Selecting Reinforcers
Preference Assessments
- Free operant observation: Observe what the individual interacts with when given unrestricted access.
- Single-stimulus (successive choice): Present items one at a time, record approach/avoidance.
- Paired-stimulus (Fisher et al., 1992): Present two items, record selection across all pairs — produces a rank-ordered hierarchy.
- Multiple-stimulus without replacement (MSWO; DeLeon & Iwata, 1996): Present an array, record selection, remove chosen item, re-present remaining — efficient rank ordering.
- Multiple-stimulus with replacement (MS): Item is returned to the array after selection.
Reassess preference regularly. Preference is not static — what functions as a reinforcer this week may not next week.
Reinforcer Variation
Rotate reinforcers across sessions and within sessions to reduce satiation. Use a reinforcer menu and allow choice.
Behavioral Momentum and High-Probability Sequences
Behavioral momentum theory (Nevin, 1992): Behavior in a given context has both rate and resistance to change. Dense reinforcement history builds momentum.
High-p sequence: Deliver 3–5 rapid, high-probability requests (requests the individual typically complies with) immediately before a low-probability request. The momentum of compliance carries into the low-p demand. Effective for increasing initial compliance, particularly with escape-maintained noncompliance.
Procedural requirements:
- High-p requests must have a known compliance rate above 80%.
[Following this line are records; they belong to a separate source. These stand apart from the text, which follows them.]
Lemma dual_norm_le (nu : V -> R) M : 0 <= M -> (forall f, `|nu f| <= M * `|f|) ->
  dnorm nu <= M.
Proof.
move=> M_ge0 nuM; apply: ge_sup; first by exists `|nu 0|, 0; rewrite //= normr0.
by move=> _ [g /= g1 <-]; apply: le_trans (nuM g) _; rewrite ler_piMr.
Qed.

(* The dual norm is nonnegative (it is [0] when the supremum does not exist). *)
Lemma dual_norm_ge0 (nu : V -> R) : 0 <= dnorm nu.
Proof.
rewrite /dnorm.
have [nu_sup|/sup_out ->] //:=
  pselect (has_sup [set `|nu f| | f in [set f : V | `|f| <= 1]]).
apply: le_trans (normr_ge0 (nu 0)) _; apply: sup_upper_bound => //.
by exists 0; rewrite //= normr0.
Qed.

Lemma dual_norm_has_sup (nu : V -> R) : bounded_lfun nu ->
  has_sup [set `|nu f| | f in [set f : V | `|f| <= 1]].
Proof.
move=> [_ [M nuM]]; split; first by exists `|nu 0|, 0; rewrite //= normr0.
exists `|M| => _ [g /= g1 <-]; apply: le_trans (nuM g) _.
by apply: le_trans (ler_wpM2r (normr_ge0 _) (ler_norm M)) _; rewrite ler_piMr.
Qed.

Lemma dual_norm_ub (nu : V -> R) f : bounded_lfun nu -> `|nu f| <= dnorm nu * `|f|.
Proof.
move=> nu_bd; have nu_lin := nu_bd.1; have [->|f_neq0] := eqVneq f 0.
  by rewrite lfun0 // !normr0 mulr0.
have f_gt0 : 0 < `|f| by rewrite normr_gt0.
have : `|nu (`|f|^-1 *: f)| <= dnorm nu.
  apply: sup_upper_bound; first exact: dual_norm_has_sup.
  by exists (`|f|^-1 *: f); rewrite //= normrZ normfV normr_id mulVf ?gt_eqF.
rewrite lfunZ // normrM normfV normr_id -(ler_pM2l f_gt0) mulrA divff ?gt_eqF //.
by rewrite mul1r mulrC.
Qed.

Lemma dual_norm_scale (nu : V -> R) (a : R) : bounded_lfun nu ->
  dnorm (fun f => a * nu f) = `|a| * dnorm nu.
Proof.
move=> nu_bd; apply/eqP; rewrite eq_le; apply/andP; split.
  apply: dual_norm_le; first by rewrite mulr_ge0 ?dual_norm_ge0.
  by move=> f; rewrite normrM -mulrA ler_wpM2l // dual_norm_ub.
have [->|a_neq0] := eqVneq a 0.
  by rewrite normr0 mul0r dual_norm_ge0.
have a_gt0 : 0 < `|a| by rewrite normr_gt0.
rewrite -ler_pdivlMl //; apply: dual_norm_le.
  by rewrite mulr_ge0 ?invr_ge0 ?dual_norm_ge0.
move=> f; rewrite -mulrA ler_pdivlMl //.
by have := dual_norm_ub f (bounded_scale a nu_bd); rewrite normrM.
Qed.

Lemma dual_norm_lipschitz (nu mu : V -> R) (t : R) :
  bounded_lfun nu -> bounded_lfun mu ->
  `|dnorm (fun f => nu f + t * mu f) - dnorm nu| <= `|t| * dnorm mu.
Proof.
move=> nu_bd mu_bd; have shift_bd := bounded_shift t nu_bd mu_bd.
have tmu f : `|t * mu f| <= `|t| * dnorm mu * `|f|.
  by rewrite normrM -mulrA ler_wpM2l ?dual_norm_ub.
rewrite ler_norml; apply/andP; split.
- suff : dnorm nu <= dnorm (fun f => nu f + t * mu f) + `|t| * dnorm mu by lra.
  apply: dual_norm_le => [|f]; first by rewrite addr_ge0 ?mulr_ge0 ?dual_norm_ge0.
  have -> : nu f = (nu f + t * mu f) - t * mu f by ring.
  apply: le_trans (ler_normB _ _) _; rewrite mulrDl.
  by apply: lerD; [exact: dual_norm_ub | exact: tmu].
- suff : dnorm (fun f => nu f + t * mu f) <= dnorm nu + `|t| * dnorm mu by lra.
  apply: dual_norm_le => [|f]; first by rewrite addr_ge0 ?mulr_ge0 ?dual_norm_ge0.
  apply: le_trans (ler_normD _ _) _; rewrite mulrDl.
  by apply: lerD; [exact: dual_norm_ub | exact: tmu].
Qed.

Lemma norm_sublinear : sublinear (fun f : V => `|f|).
Proof.
split; first by move=> ? ?; apply: ler_normD.
by move=> a f a_gt0; rewrite normrZ gtr0_norm.
Qed.

Lemma norming_functional (x : V) : exists mu : V -> R,
  [/\ bounded_lfun mu, (forall f, `|mu f| <= `|f|) & mu x = `|x|].
Proof.
have [mu [mu_lin mu_le mu_x]] := hahn_banach x norm_sublinear.
have mu_norm f : `|mu f| <= `|f|.
  rewrite ler_norml mu_le andbT.
  by have := mu_le (- f); rewrite lfunN // normrN; lra.
by exists mu; split => //; split => //; exists 1 => f; rewrite mul1r.
Qed.

End DualNorm.

Section PuncturedLimits.
Variable R : realType.

Lemma cvg_dnbhs0_norm_le (g : R -> R) L M : g @ 0^' --> L ->
  (forall t, t != 0 -> `|g t| <= M) -> `|L| <= M.
Proof.
move=> gL gM; rewrite -(cvg_lim (@Rhausdorff R) (cvg_norm gL)).
apply: limr_le; first exact: cvgP (cvg_norm gL).
by near=> t; apply: gM; near: t; exact: nbhs_dnbhs_neq.
Unshelve. all: by end_near. Qed.

Lemma cvg_dnbhs0_sides (g : R -> R) L a : g @ 0^' --> L ->
  (forall t, 0 < t -> a <= g t) -> (forall t, t < 0 -> g t <= a) -> L = a.
Proof.
move=> gL g_right g_left.
have gL_right : g @ 0^'+ --> L.
  by apply: cvg_trans gL; apply: cvg_app; apply: within_subset => t /= /gt_eqF->.
have gL_left : g @ 0^'- --> L.
  by apply: cvg_trans gL; apply: cvg_app; apply: within_subset => t /= /lt_eqF->.
apply/eqP; rewrite eq_le; apply/andP; split.
- rewrite -(cvg_lim (@Rhausdorff R) gL_left); apply: limr_le.
    exact: cvgP gL_left.
  by near=> t; apply: g_left; near: t; exact: nbhs_left_lt.
- rewrite -(cvg_lim (@Rhausdorff R) gL_right); apply: limr_ge.
    exact: cvgP gL_right.
  by near=> t; apply: g_right; near: t; exact: nbhs_right_gt.
Unshelve. all: by end_near. Qed.

End PuncturedLimits.

Section GateauxDerivative.
Variables (R : realType) (V : normedModType R).

Lemma dquot_bound (nu mu : V -> R) t : bounded_lfun nu -> bounded_lfun mu ->
  t != 0 -> `|dquot nu mu t| <= dnorm mu.
Proof.
move=> nu_bd mu_bd t_neq0.
rewrite /dquot normrM normfV ler_pdivrMr ?normr_gt0 // mulrC.
exact: dual_norm_lipschitz.
Qed.

Lemma gateaux_dual_bound (nu mu : V -> R) : bounded_lfun nu ->
  bounded_lfun mu -> (nu <> (fun=> 0) -> cvg (dquot nu mu @ (0 : R)^')) ->
  `|gateaux_dual nu mu| <= dnorm mu.
Proof.
move=> nu_bd mu_bd nu_cvg; rewrite /gateaux_dual.
destruct (pselect (nu = fun=> 0)) as [nu0|nu_neq0] => /=.
  by rewrite normr0 dual_norm_ge0.
by apply: (cvg_dnbhs0_norm_le (nu_cvg nu_neq0)) => t; exact: dquot_bound.
Qed.

(* In its own direction the dual norm has derivative [dnorm nu], since
   [dnorm ((1 + t) nu) = (1 + t) dnorm nu] for [|t| < 1]. *)
Lemma gateaux_dual_self (nu : V -> R) : bounded_lfun nu ->
  gateaux_dual nu nu = dnorm nu.
Proof.
move=> nu_bd; rewrite /gateaux_dual.
destruct (pselect (nu = fun=> 0)) as [nu0|nu_neq0].
  apply/esym/eqP; rewrite eq_le dual_norm_ge0 andbT nu0.
  by apply: dual_norm_le => // f; rewrite normr0 mul0r.
apply: lim_near_cst => //; near=> t.
have t_small : `|t| < 1 by near: t; exact: dnbhs0_lt.
have t_neq0 : t != 0 by near: t; exact: nbhs_dnbhs_neq.
rewrite /dquot.
have -> : (fun f => nu f + t * nu f) = (fun f => (1 + t) * nu f).
  by apply: funext => f; ring.
rewrite dual_norm_scale // ger0_norm; last by move: t_small => /ltr_normlP[]; lra.
by field.
Unshelve. all: by end_near. Qed.

(* If [x] is normed by [nu], then the derivative of the dual norm at [nu]
   evaluates functionals at [x / |x|]: the difference quotients are
   [>= mu x / |x|] for [t > 0] and [<= mu x / |x|] for [t < 0]. *)
Lemma gateaux_dual_normed (nu mu : V -> R) (x : V) : bounded_lfun nu ->
  bounded_lfun mu -> nu <> (fun=> 0) -> cvg (dquot nu mu @ (0 : R)^') ->
  0 < `|x| -> nu x = dnorm nu * `|x| -> gateaux_dual nu mu = mu x / `|x|.
Proof.
move=> nu_bd mu_bd nu_neq0 nu_cvg x_gt0 nu_x; rewrite /gateaux_dual.
destruct (pselect (nu = fun=> 0)) as [nu0|nu_neq0'] => /=; first by case: nu_neq0.
have dnorm_incr t : t * (mu x / `|x|) <= dnorm (fun f => nu f + t * mu f) - dnorm nu.
  have := dual_norm_ub x (bounded_shift t nu_bd mu_bd).
  move=> /(le_trans (ler_norm _)) shift_ub.
  rewrite -(ler_pM2r x_gt0) mulrBl -nu_x.
  have -> : t * (mu x / `|x|) * `|x| = t * mu x by field; rewrite gt_eqF.
  lra.
apply: (cvg_dnbhs0_sides nu_cvg) => t t_sgn.
- by rewrite /dquot ler_pdivlMr // mulrC.
- by rewrite /dquot ler_ndivrMr // mulrC.
Qed.

End GateauxDerivative.

Section MinNormInterpolation.
Variables (R : realType) (V : normedModType R) (m : nat).
Variables (nu : 'I_m -> V -> R) (y : 'I_m -> R).
Hypothesis nu_bd : forall j, bounded_lfun (nu j).

Let nu_lin j : linear_functional (nu j) := (nu_bd j).1.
- Deliver high-p requests rapidly (inter-trial interval of ~3–5 seconds).
- Reinforce each high-p compliance briefly (praise).
- Deliver the low-p request within 5 seconds of the last high-p compliance.
Key References
- Cooper, J. O., Heron, T. E., & Heward, W. L. (2020). Applied Behavior Analysis (3rd ed.). Pearson.
- Ferster, C. B., & Skinner, B. F. (1957). Schedules of Reinforcement. Appleton-Century-Crofts.
- Fisher, W., Piazza, C. C., Bowman, L. G., Hagopian, L. P., Owens, J. C., & Slevin, I. (1992). A comparison of two approaches for identifying reinforcers for persons with severe and profound disabilities. Journal of Applied Behavior Analysis, 25(2), 491–498.
- DeLeon, I. G., & Iwata, B. A. (1996). Evaluation of a multiple-stimulus presentation format for assessing reinforcer preferences. Journal of Applied Behavior Analysis, 29(4), 519–533.
- Herrnstein, R. J. (1961). Relative and absolute strength of response as a function of frequency of reinforcement. Journal of the Experimental Analysis of Behavior, 4(3), 267–272.
- Nevin, J. A. (1992). An integrative model for the study of behavioral momentum. Journal of the Experimental Analysis of Behavior, 57(3), 301–316.